* **Work task**
Among the entries below, take the line with "Rabs (clip (u" and the line with "apply Hzi; rewrite", and output them and every line between them exactly, with nothing else.

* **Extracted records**
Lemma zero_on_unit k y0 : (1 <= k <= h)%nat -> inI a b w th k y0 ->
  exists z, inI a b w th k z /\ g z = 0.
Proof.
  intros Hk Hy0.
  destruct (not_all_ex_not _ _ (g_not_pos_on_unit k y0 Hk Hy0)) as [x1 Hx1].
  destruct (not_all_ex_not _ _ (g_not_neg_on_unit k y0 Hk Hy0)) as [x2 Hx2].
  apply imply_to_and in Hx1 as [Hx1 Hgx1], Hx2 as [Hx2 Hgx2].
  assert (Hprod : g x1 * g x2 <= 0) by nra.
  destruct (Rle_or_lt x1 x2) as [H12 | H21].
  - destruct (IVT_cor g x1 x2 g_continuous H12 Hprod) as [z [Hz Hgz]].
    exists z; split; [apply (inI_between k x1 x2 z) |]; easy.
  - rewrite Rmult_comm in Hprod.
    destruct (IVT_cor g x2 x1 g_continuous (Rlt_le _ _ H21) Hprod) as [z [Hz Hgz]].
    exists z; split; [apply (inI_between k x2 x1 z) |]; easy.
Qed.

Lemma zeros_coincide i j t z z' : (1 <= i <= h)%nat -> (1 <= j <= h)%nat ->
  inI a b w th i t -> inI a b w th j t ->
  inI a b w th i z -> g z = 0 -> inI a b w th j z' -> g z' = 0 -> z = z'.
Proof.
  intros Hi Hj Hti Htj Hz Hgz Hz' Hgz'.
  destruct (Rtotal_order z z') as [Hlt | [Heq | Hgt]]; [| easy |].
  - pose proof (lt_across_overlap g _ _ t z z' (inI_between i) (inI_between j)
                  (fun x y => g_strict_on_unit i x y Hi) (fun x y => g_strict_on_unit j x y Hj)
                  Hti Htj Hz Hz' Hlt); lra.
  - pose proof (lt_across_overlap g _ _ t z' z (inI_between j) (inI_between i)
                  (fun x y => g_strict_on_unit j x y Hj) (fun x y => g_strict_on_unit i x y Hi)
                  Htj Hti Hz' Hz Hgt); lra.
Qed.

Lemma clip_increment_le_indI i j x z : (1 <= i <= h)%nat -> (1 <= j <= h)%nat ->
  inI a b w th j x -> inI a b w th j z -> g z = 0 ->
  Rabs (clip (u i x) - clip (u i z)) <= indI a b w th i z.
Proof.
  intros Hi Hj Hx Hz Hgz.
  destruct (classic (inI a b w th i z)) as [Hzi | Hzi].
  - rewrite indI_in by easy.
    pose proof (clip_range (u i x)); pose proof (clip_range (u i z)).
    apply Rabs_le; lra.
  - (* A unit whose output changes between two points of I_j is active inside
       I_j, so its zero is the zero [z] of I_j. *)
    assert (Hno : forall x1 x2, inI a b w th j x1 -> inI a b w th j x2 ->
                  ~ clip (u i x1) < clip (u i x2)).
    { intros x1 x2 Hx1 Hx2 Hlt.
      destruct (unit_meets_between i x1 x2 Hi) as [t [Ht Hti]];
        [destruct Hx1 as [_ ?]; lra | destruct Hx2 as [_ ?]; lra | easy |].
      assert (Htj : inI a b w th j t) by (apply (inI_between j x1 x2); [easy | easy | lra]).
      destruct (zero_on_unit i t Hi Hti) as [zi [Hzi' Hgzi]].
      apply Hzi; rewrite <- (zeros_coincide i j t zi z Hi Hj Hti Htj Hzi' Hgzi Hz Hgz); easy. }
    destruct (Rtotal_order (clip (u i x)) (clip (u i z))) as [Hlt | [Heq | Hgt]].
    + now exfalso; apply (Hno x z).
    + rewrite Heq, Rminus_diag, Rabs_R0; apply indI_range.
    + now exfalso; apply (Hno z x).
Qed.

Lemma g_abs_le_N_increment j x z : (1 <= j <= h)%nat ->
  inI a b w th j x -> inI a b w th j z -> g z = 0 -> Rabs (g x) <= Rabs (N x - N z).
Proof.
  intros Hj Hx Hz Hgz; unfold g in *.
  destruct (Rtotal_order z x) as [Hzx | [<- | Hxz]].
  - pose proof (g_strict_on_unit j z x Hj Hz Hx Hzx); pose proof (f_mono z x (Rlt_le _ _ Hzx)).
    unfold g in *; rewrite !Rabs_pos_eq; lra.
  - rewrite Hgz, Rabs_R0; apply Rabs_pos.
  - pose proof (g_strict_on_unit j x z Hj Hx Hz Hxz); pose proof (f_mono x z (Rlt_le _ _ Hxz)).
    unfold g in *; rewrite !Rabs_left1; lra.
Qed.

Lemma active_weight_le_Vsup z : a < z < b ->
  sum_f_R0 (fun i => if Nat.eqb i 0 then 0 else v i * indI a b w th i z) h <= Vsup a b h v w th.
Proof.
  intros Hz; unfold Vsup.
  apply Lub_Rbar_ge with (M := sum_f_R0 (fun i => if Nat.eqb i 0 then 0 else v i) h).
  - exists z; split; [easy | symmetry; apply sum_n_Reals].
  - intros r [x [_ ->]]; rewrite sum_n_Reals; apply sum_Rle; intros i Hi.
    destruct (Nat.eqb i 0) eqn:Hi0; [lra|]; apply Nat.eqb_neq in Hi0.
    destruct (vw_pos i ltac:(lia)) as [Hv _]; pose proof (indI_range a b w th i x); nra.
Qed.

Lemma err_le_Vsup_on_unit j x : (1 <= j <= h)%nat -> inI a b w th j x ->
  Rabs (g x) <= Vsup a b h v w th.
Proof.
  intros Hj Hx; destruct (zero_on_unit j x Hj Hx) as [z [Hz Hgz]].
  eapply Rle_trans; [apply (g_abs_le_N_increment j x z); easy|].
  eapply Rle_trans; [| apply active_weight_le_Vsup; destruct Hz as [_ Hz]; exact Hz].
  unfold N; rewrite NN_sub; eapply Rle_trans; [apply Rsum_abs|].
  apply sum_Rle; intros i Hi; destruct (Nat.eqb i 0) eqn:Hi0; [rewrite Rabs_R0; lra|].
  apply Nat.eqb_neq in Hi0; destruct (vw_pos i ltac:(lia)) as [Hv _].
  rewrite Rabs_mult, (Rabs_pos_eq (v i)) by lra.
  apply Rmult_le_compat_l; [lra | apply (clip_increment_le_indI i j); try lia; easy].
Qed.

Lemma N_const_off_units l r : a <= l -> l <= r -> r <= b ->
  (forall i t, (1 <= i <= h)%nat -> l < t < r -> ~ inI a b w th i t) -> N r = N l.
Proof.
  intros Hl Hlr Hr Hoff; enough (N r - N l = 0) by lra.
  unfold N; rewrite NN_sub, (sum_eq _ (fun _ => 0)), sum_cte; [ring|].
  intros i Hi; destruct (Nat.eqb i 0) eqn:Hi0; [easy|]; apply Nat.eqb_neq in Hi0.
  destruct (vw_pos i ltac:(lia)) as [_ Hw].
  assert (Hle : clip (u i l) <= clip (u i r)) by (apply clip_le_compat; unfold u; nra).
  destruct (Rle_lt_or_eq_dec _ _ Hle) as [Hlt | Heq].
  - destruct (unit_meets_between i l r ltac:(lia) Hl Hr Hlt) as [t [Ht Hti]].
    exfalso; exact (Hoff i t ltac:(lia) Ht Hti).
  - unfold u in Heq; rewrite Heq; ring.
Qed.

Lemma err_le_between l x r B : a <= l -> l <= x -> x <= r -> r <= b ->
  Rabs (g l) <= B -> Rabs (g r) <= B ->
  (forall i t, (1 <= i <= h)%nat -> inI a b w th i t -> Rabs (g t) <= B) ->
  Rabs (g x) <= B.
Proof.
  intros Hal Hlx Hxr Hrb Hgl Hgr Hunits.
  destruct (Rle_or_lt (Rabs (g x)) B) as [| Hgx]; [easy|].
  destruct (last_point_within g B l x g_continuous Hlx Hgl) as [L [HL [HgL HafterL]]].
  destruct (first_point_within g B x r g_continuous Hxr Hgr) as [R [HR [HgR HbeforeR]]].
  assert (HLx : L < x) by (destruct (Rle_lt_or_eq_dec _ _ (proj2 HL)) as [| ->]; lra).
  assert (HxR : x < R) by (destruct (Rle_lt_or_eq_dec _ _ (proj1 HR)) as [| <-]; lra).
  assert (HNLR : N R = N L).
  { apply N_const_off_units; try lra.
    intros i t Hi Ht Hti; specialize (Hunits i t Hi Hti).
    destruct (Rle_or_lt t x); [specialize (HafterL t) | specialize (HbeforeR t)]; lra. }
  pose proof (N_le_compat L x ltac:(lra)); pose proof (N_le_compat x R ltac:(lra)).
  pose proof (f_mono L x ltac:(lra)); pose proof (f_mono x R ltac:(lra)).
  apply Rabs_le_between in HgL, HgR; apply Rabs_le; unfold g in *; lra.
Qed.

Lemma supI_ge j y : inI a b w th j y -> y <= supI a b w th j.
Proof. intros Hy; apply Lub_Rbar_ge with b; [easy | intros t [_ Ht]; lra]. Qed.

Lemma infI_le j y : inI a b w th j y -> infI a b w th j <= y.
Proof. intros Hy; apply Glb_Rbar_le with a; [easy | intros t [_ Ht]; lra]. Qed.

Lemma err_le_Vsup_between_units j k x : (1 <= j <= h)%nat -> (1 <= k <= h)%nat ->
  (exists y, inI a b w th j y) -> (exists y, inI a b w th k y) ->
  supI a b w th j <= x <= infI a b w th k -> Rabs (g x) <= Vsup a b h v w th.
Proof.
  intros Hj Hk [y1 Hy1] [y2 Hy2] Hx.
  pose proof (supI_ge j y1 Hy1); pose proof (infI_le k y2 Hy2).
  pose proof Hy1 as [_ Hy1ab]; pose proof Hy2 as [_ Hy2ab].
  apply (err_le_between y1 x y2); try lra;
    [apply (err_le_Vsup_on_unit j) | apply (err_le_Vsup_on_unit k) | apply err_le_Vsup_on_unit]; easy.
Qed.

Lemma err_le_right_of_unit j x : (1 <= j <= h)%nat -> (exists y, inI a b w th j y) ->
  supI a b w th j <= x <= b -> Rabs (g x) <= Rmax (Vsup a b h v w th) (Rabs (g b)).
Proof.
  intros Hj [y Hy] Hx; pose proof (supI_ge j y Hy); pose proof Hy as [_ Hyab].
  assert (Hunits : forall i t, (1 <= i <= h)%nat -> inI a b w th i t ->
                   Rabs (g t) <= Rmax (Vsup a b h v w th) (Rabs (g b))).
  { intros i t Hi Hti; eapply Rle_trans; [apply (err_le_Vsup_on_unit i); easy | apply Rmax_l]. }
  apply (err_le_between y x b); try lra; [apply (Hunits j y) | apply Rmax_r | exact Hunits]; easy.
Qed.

* **Response area**
  Rabs (clip (u i x) - clip (u i z)) <= indI a b w th i z.
Proof.
  intros Hi Hj Hx Hz Hgz.
  destruct (classic (inI a b w th i z)) as [Hzi | Hzi].
  - rewrite indI_in by easy.
    pose proof (clip_range (u i x)); pose proof (clip_range (u i z)).
    apply Rabs_le; lra.
  - (* A unit whose output changes between two points of I_j is active inside
       I_j, so its zero is the zero [z] of I_j. *)
    assert (Hno : forall x1 x2, inI a b w th j x1 -> inI a b w th j x2 ->
                  ~ clip (u i x1) < clip (u i x2)).
    { intros x1 x2 Hx1 Hx2 Hlt.
      destruct (unit_meets_between i x1 x2 Hi) as [t [Ht Hti]];
        [destruct Hx1 as [_ ?]; lra | destruct Hx2 as [_ ?]; lra | easy |].
      assert (Htj : inI a b w th j t) by (apply (inI_between j x1 x2); [easy | easy | lra]).
      destruct (zero_on_unit i t Hi Hti) as [zi [Hzi' Hgzi]].
      apply Hzi; rewrite <- (zeros_coincide i j t zi z Hi Hj Hti Htj Hzi' Hgzi Hz Hgz); easy. }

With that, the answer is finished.